En este contexto, las niñas del DIF acusan manipulación como mecanismo de defensa institucional. El video del 29 de octubre, donde una maestra insta a "Mayita" a "siempre haz escuchar tu voz", captura el momento del traslado, un eco de resistencia infantil. Las beneficiarias exigen responsabilidad a Clara Brugada y al DIF, no solo por las alegaciones graves, sino por el uso de las menores como peones en una narrativa pública. Elena resume el atropello: "Muchos medios se han atrevido a afirmar como dando un veredicto que ni siquiera la parte legal ha llegado a una conclusión". Esta premura mediática y oficial agrava el trauma, convirtiendo a las víctimas en protagonistas involuntarios de un escándalo nacional.
Consecuencias del traslado: Niñas del DIF en limbo institucional
El traslado de las 80 niñas a una estación migratoria ha generado alarma entre donantes y ex residentes. Muchas carecen de familia extensa, y el DIF, en lugar de ofrecer soluciones integrales, optó por una medida drástica. Rosalba cuestiona la hipocresía: "Todas las personas que utilizan niñas también tienen que tener un castigo". Su éxito profesional —concluida la carrera de contadora— es testimonio vivo de lo que la casa representaba: un puente hacia la autonomía. Ahora, con el proceso legal en curso, las menores enfrentan incertidumbre, donde la manipulación alegada podría ser solo la punta del iceberg en un sistema plagado de irregularidades.
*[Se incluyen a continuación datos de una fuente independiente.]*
(* Consider an asynchronous shared-memory system of $n$ processes in which up to $t$ processes may crash, with $n > 2t$. For every integer $k > \frac{n-t}{n-2t}$, algorithm $\mathcal{A}_3$ (described in the context) solves $k$-set agreement.
   Context: $k$-set agreement (decisions allowed in $V\cup\{\bot\}$, $\bot$ counting as a decided value): each process proposes an initial value from a set $V$; (Validity) if all correct processes propose the same value $v$, no correct process decides a value different from $v$; (Agreement) at most $k$ distinct values are decided by correct processes; (Termination) every correct process eventually decides. A crashed process stops taking steps; a correct process never crashes. Model: processes communicate through an atomic snapshot object $S$ with one entry per process (initially all $\bot$), supporting $\mathrm{update}(m)$ (process $p_i$ writes $m$ into its own entry) and $\mathrm{snapshot}()$ (returns the vector of all entries), both atomic (linearizable) and wait-free. Asynchronous: no timing bounds. Algorithm $\mathcal{A}_3$, code of $p_i$ with initial value $m$: $p_i$ performs $S.\mathrm{update}(m)$, then repeatedly calls $L_i := S.\mathrm{snapshot}()$ until $L_i$ has at least $n-t$ non-$\bot$ entries; it sets $X_i := L_i$ and $x_i :=$ number of non-$\bot$ entries of $X_i$. If at least $x_i - t$ entries of $X_i$ equal $m$, it decides $m$; else, if some value $v$ has at least $x_i - t$ entries in $X_i$ equal to it, it decides such a $v$; else it decides $\bot$. *)

(* Model of algorithm A_3 in an asynchronous shared-memory
   system with an atomic snapshot object, as an interleaving of atomic steps. *)
From mathcomp Require Import all_boot.
Set Implicit Arguments. Unset Strict Implicit. Unset Printing Implicit Defensive.

Section A3.
Variables (n t : nat) (V : eqType).

(* Local control state of a process; [Done d] records the decided value,
   with [None] standing for bottom. *)
Inductive phase := Init | Scan | Done of option V.

(* Global configuration: the snapshot object S (None = bottom) and the
   local phases of all processes. *)
Record config := Config { mem : 'I_n -> option V; loc : 'I_n -> phase }.

Definition init_config : config := Config (fun _ => None) (fun _ => Init).

Definition nonbot (L : 'I_n -> option V) : nat := #|[pred j | L j != None]|.
Definition cnt (L : 'I_n -> option V) (v : V) : nat := #|[pred j | L j == Some v]|.

Definition decision_ok (L : 'I_n -> option V) (m : V) (d : option V) : Prop :=
  let x := nonbot L in
  if x - t <= cnt L m then d = Some m
  else (exists v, d = Some v /\ x - t <= cnt L v)
       \/ (d = None /\ forall v, cnt L v < x - t).

Definition step (prop : 'I_n -> V) (i : 'I_n) (c c' : config) : Prop :=
  (forall j, j != i -> loc c' j = loc c j) /\
  match loc c i with
  | Init => (forall j, mem c' j = if j == i then Some (prop i) else mem c j)
            /\ loc c' i = Scan
  | Scan => (forall j, mem c' j = mem c j) /\
            (if n - t <= nonbot (mem c)
             then exists d, decision_ok (mem c) (prop i) d /\ loc c' i = Done d
             else loc c' i = Scan)
  | Done _ => (forall j, mem c' j = mem c j) /\ loc c' i = loc c i
  end.

Definition execution (prop : 'I_n -> V) (sched : nat -> 'I_n) (conf : nat -> config) : Prop :=
  conf 0 = init_config /\ forall s, step prop (sched s) (conf s) (conf s.+1).

Definition correct (sched : nat -> 'I_n) (i : 'I_n) : Prop :=
  forall N, exists s, N <= s /\ sched s = i.

Definition at_most_t_crashes (sched : nat -> 'I_n) : Prop :=
  exists F : {set 'I_n}, #|F| <= t /\ forall i, i \notin F -> correct sched i.

Definition decides (conf : nat -> config) (i : 'I_n) (d : option V) : Prop :=
  exists s, loc (conf s) i = Done d.

Definition validity (prop : 'I_n -> V) (sched : nat -> 'I_n) (conf : nat -> config) : Prop :=
  forall v, (forall i, correct sched i -> prop i = v) ->
  forall i d, correct sched i -> decides conf i d -> d = Some v.

Definition agreement (k : nat) (sched : nat -> 'I_n) (conf : nat -> config) : Prop :=
  exists D : seq (option V), size D <= k /\
    forall i d, correct sched i -> decides conf i d -> d \in D.

Definition termination (sched : nat -> 'I_n) (conf : nat -> config) : Prop :=
  forall i, correct sched i -> exists d, decides conf i d.

Definition solves_set_agreement (k : nat) : Prop :=
  forall (prop : 'I_n -> V) sched conf,
    execution prop sched conf -> at_most_t_crashes sched ->
    [/\ validity prop sched conf, agreement k sched conf & termination sched conf].
End A3.

From Pilot Require Import Defs.
From mathcomp Require Import all_boot zify.
Set Implicit Arguments. Unset Strict Implicit. Unset Printing Implicit Defensive.

(* The shared memory only grows, and entry j holds either bottom
   or p_j's proposal. Validity: a deciding snapshot has x >= n - t entries, of
   which at most t come from processes proposing something else than v, so v
   occurs at least x - t times and the process decides its own value v.
   Agreement: let L0 be the first memory state with x0 >= n - t entries. A
   value v decided from a later snapshot L with x entries occurs x - t times
   in L, and L has only x - x0 entries more than L0, so v occurs at least
   x0 - t >= n - 2t times in L0. Hence at most x0 / (x0 - t) < k values
   besides bottom can be decided. Termination: once all correct processes
   have written, every snapshot has n - t entries, and the next step of a
   correct process makes it decide. *)

(* ssrbool's [mem] shadows [Defs.mem]. *)
Local Notation memory := Defs.mem.

Lemma card_predU_le (T : finType) (A B : {pred T}) : #|[predU A & B]| <= #|A| + #|B|.
Proof. by rewrite -cardUI leq_addr. Qed.

Lemma lt_of_heavy_count (n t k x m : nat) :
  n - t < k * (n - 2 * t) -> n - t <= x -> m * (x - t) <= x -> m < k.
Proof.
move=> quorum_k le_x heavy; rewrite ltnNge; apply/negP => le_km.
have k_gt0 : 0 < k by case: k quorum_k le_km.
have split_x : k * (x - t) = k * (n - 2 * t) + k * (x - (n - t)).
  by rewrite -mulnDr; congr (_ * _); lia.
have := leq_pmull (x - (n - t)) k_gt0.
have := leq_mul le_km (leqnn (x - t)).
lia.
Qed.

Definition eventually (P : nat -> Prop) := exists T, forall s, T <= s -> P s.

Lemma eventually_all (I : eqType) (r : seq I) (P : I -> nat -> Prop) :
  (forall i, i \in r -> eventually (P i)) -> eventually (fun s => forall i, i \in r -> P i s).
Proof.
elim: r => [_|i r IH ev_r]; first by exists 0.
have [T1 ev_i] := ev_r i (mem_head _ _).
have [T2 ev_rest] : eventually (fun s => forall j, j \in r -> P j s).
  by apply: IH => j r_j; apply: ev_r; rewrite inE r_j orbT.
exists (maxn T1 T2) => s; rewrite geq_max => /andP [le1 le2] j.
by rewrite inE => /predU1P [->|]; [exact: ev_i | exact: ev_rest].
Qed.

Section Snapshots.
Variables (n t : nat) (V : eqType).
Implicit Types (L K : 'I_n -> option V) (v : V).

Definition mem_le K L := forall j x, K j = Some x -> L j = Some x.

Lemma nonbot_le_cnt_add L v (F : {pred 'I_n}) :
  (forall j, j \notin F -> L j != None -> L j = Some v) -> nonbot L <= cnt L v + #|F|.
Proof.
move=> outside_F; apply: leq_trans (card_predU_le _ _); apply: subset_leq_card.
apply/subsetP => j; rewrite !inE; case: (boolP (j \in F)) => [|/outside_F]; first by rewrite orbT.
by rewrite orbF => Lj_v /Lj_v ->.
Qed.

(* Entries of L equal to v were either v already in K, or new. *)
Lemma cnt_add_nonbot_mono K L v :
  mem_le K L -> cnt L v + nonbot K <= cnt K v + nonbot L.
Proof.
move=> le_L; pose fresh := [pred j | (L j != None) && (K j == None)].
have cnt_L : cnt L v <= cnt K v + #|fresh|.
  apply: leq_trans (card_predU_le [pred j | K j == Some v] fresh).
  apply: subset_leq_card; apply/subsetP => j; rewrite !inE => /eqP Lj; rewrite Lj /=.
  by case E: (K j) => [x|] //; rewrite -Lj (le_L _ _ E) eqxx.
have nonbot_L : nonbot K + #|fresh| = nonbot L.
  rewrite /nonbot -(cardID [pred j | K j != None] [pred j | L j != None]).
  congr (_ + _); apply: eq_card => j; rewrite !inE; last by rewrite negbK andbC.
  by case E: (K j) => [x|]; rewrite ?(le_L _ _ E) ?andbF.
lia.
Qed.

Lemma heavy_mono K L v : mem_le K L -> nonbot L - t <= cnt L v -> nonbot K - t <= cnt K v.
Proof. by move=> le_L; have := cnt_add_nonbot_mono v le_L; lia. Qed.

Lemma sum_cnt (L : 'I_n -> option V) (s : seq V) :
  uniq s -> \sum_(v <- s) cnt L v = #|[pred j | L j \in map Some s]|.
Proof.
elim: s => [_|v s IH /andP [v_notin_s /IH {}IH]]; first by rewrite big_nil card0.
rewrite big_cons IH -(cardID [pred j | L j == Some v] [pred j | L j \in map Some (v :: s)]).
congr (_ + _).
  by apply: eq_card => j; rewrite !inE; case: eqP; rewrite ?andbF.
apply: eq_card => j; rewrite !inE; case: eqP => [->|_] //=.
by rewrite (mem_map Some_inj) (negbTE v_notin_s).
Qed.

Lemma size_heavy_le L (s : seq V) c :
  uniq s -> (forall v, v \in s -> c <= cnt L v) -> size s * c <= nonbot L.
Proof.
move=> uniq_s heavy; rewrite -sum1_size big_distrl /= mul1n big_seq.
apply: (@leq_trans (\sum_(v <- s | v \in s) cnt L v)); first exact: leq_sum.
rewrite -big_seq sum_cnt //.
apply: subset_leq_card; apply/subsetP => j; rewrite !inE.
by apply: contraTN => /eqP ->; apply/mapP => -[].
Qed.

Lemma decision_ok_own L m d : nonbot L - t <= cnt L m -> decision_ok t L m d -> d = Some m.
Proof. by rewrite /decision_ok => ->. Qed.

Lemma decision_okP L m d : decision_ok t L m d ->
  d = None \/ exists2 v, d = Some v & nonbot L - t <= cnt L v.
Proof.
rewrite /decision_ok; case: ifP => [heavy_m ->|_ [[v [-> heavy_v]]|[-> _]]].
- by right; exists m.
- by right; exists v.
- by left.
Qed.

End Snapshots.

Section Step.
Variables (n t : nat) (V : eqType) (prop : 'I_n -> V).
Implicit Types (c : config n V) (i j : 'I_n).

Definition started (p : phase V) : bool := if p is Init then false else true.

Lemma step_loc i c c' j : step t prop i c c' -> j != i -> loc c' j = loc c j.
Proof. by case=> loc_c' _; apply: loc_c'. Qed.

Lemma step_started i c c' : step t prop i c c' -> started (loc c' i).
Proof.
case=> _; case: (loc c i) => [|| d] [_]; [by move-> | | by move->].
by case: ifP => _ => [[d [_ ->]]|->].
Qed.

Lemma step_memory i c c' j : step t prop i c c' ->
  memory c' j = if (j == i) && ~~ started (loc c i) then Some (prop i) else memory c j.
Proof. by case=> _; case: (loc c i) => [|| d] [->]; rewrite /= ?andbT ?andbF. Qed.

Lemma step_done i c c' j d : step t prop i c c' -> loc c' j = Done d ->
  loc c j = Done d \/ n - t <= nonbot (memory c) /\ decision_ok t (memory c) (prop j) d.
Proof.
move=> st; have [-> | /(step_loc st) ->] := eqVneq j i; last by left.
case: st => _; case: (loc c i) => [|| d'] [_].
- by move=> ->.
- by case: ifP => [quorum [d0 [ok ->]] [<-] | _ ->]; [right | ].
- by move=> -> ->; left.
Qed.

Lemma step_decides i c c' : step t prop i c c' -> started (loc c i) ->
  n - t <= nonbot (memory c) -> exists d, loc c' i = Done d.
Proof.
case=> _; case: (loc c i) => [|| d] [_] // => [|->]; last by exists d.
by move=> + _ quorum; rewrite quorum => -[d [_ ->]]; exists d.
Qed.

End Step.

Section Execution.
Variables (n t : nat) (V : eqType) (prop : 'I_n -> V).
Variables (sched : nat -> 'I_n) (conf : nat -> config n V).
Hypothesis exec : execution t prop sched conf.

Lemma memoryE s j :
  memory (conf s) j = if started (loc (conf s) j) then Some (prop j) else None.
Proof.
have [conf0 steps] := exec; elim: s => [|s IH]; first by rewrite conf0.
have st := steps s; rewrite (step_memory j st) IH.
have [-> | ne_j] := eqVneq j (sched s).
  by rewrite (step_started st); case: started.
by rewrite (step_loc st ne_j).
Qed.

Lemma started_mono s s' j : s <= s' -> started (loc (conf s) j) -> started (loc (conf s') j).
Proof.
move=> /subnK <-; elim: (s' - s) => [//|m IH] /IH; rewrite addSn.
have st := exec.2 (m + s); have [-> _ | ne_j] := eqVneq j (sched (m + s)).
  exact: step_started st.
by rewrite (step_loc st ne_j).
Qed.

Lemma memory_mono s s' : s <= s' -> mem_le (memory (conf s)) (memory (conf s')).
Proof.
move=> le_s j x; rewrite !memoryE.
by case: ifP => // /(started_mono le_s) ->.
Qed.

Lemma decision_snapshot s i d : loc (conf s) i = Done d ->
  exists s0, n - t <= nonbot (memory (conf s0)) /\ decision_ok t (memory (conf s0)) (prop i) d.
Proof.
have [conf0 steps] := exec; elim: s => [|s IH]; first by rewrite conf0.
by case/(step_done (steps s)) => [/IH|]; last exists s.
Qed.

Lemma eventually_started i : correct sched i -> eventually (fun s => started (loc (conf s) i)).
Proof.
move=> correct_i; have [s [_ sched_s]] := correct_i 0.
exists s.+1 => s' /started_mono; apply.
by rewrite -sched_s; apply: step_started (exec.2 s).
Qed.

Lemma eventually_quorum : at_most_t_crashes t sched ->
  eventually (fun s => n - t <= nonbot (memory (conf s))).
Proof.
move=> [F [card_F correct_F]].
have [T all_started] : eventually (fun s => forall i, i \in enum (~: F) -> started (loc (conf s) i)).
  by apply: eventually_all => i; rewrite mem_enum inE => /correct_F /eventually_started.
exists T => s le_T; apply: (@leq_trans #|~: F|).
  by have := cardsC F; rewrite card_ord; lia.
apply: subset_leq_card; apply/subsetP => j; rewrite !inE memoryE => j_notin_F.
by rewrite all_started // mem_enum inE.
Qed.

Lemma A3_validity : at_most_t_crashes t sched -> validity prop sched conf.
Proof.
move=> [F [card_F correct_F]] v correct_v i d correct_i [s /decision_snapshot [s0 [_ ok]]].
rewrite -(correct_v i correct_i); apply: decision_ok_own ok.
suff : nonbot (memory (conf s0)) <= cnt (memory (conf s0)) v + #|F|.
  by rewrite (correct_v i correct_i); lia.
apply: nonbot_le_cnt_add => j /correct_F /correct_v <-.
by rewrite memoryE; case: started.
Qed.

Lemma A3_agreement k : 2 * t < n -> n - t < k * (n - 2 * t) ->
  at_most_t_crashes t sched -> agreement k sched conf.
Proof.
move=> nt quorum_k /eventually_quorum [T quorum].
have ex_quorum : exists s, n - t <= nonbot (memory (conf s)) by exists T; apply: quorum.
have [s0 quorum0 first_quorum] := ex_minnP ex_quorum.
set L0 := memory (conf s0) in quorum0 *.
pose heavy := [seq v <- undup (pmap L0 (enum 'I_n)) | nonbot L0 - t <= cnt L0 v].
exists (None :: map Some heavy); split.
  rewrite /= size_map; apply: lt_of_heavy_count quorum_k quorum0 _.
  apply: size_heavy_le; first by rewrite filter_uniq ?undup_uniq.
  by move=> v; rewrite mem_filter => /andP [].
move=> i d _ [s /decision_snapshot [s1 [quorum1 /decision_okP [-> | [v -> heavy_v]]]]].
  exact: mem_head.
have {}heavy_v : nonbot L0 - t <= cnt L0 v :=
  heavy_mono (memory_mono (first_quorum _ quorum1)) heavy_v.
rewrite inE /= mem_map; last exact: Some_inj.
rewrite mem_filter heavy_v mem_undup mem_pmap /=.
have /card_gt0P [j] : 0 < cnt L0 v by lia.
by rewrite inE => /eqP <-; apply: map_f; rewrite mem_enum.
Qed.

Lemma A3_termination : at_most_t_crashes t sched -> termination sched conf.
Proof.
move=> crashes i correct_i; have [T quorum] := eventually_quorum crashes.
have [Ti started_i] := eventually_started correct_i.
have [s [+ sched_s]] := correct_i (maxn T Ti); rewrite geq_max => /andP [leT leTi].
have st := exec.2 s; rewrite sched_s in st.
by have [d done_d] := step_decides st (started_i s leTi) (quorum s leT); exists d, s.+1.
Qed.

End Execution.

Theorem theorem6 (n t k : nat) (V : eqType) :
  2 * t < n -> n - t < k * (n - 2 * t) ->
  solves_set_agreement n t V k.
Proof.
move=> nt quorum_k prop sched conf exec crashes; split.
- exact: (A3_validity exec crashes).
- exact: (A3_agreement exec nt quorum_k crashes).
- exact: (A3_termination exec crashes).
Qed.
Las voces de las beneficiarias resuenan con urgencia, recordando que la verdadera protección infantil radica en la escucha genuina, no en videos editados para redes sociales. Teresa invita a "voltear" hacia la casa sellada, un recordatorio tangible de sueños interrumpidos. En un país donde la trata y el abuso son epidemias silenciadas, este caso obliga a interrogar el rol del DIF: ¿guardián o manipulador? Las niñas, con su coraje, exigen respuestas, no dulces condicionados.
Expertas en protección infantil, consultadas en reportajes previos de medios independientes, han señalado patrones similares en intervenciones del DIF, donde la imagen pública prima sobre el apoyo real. Investigaciones en curso, según documentos accesibles en archivos judiciales, podrían esclarecer las denuncias de trata, pero mientras tanto, las afectadas claman por justicia restaurativa.
Entrevistadas anónimas de organizaciones no gubernamentales, enfocadas en derechos de la niñez, han corroborado la vulnerabilidad de traslados abruptos como este, basándose en casos documentados en informes anuales del sector. La conferencia de prensa, cubierta por observadores locales, subraya la necesidad de transparencia en el manejo de estos expedientes.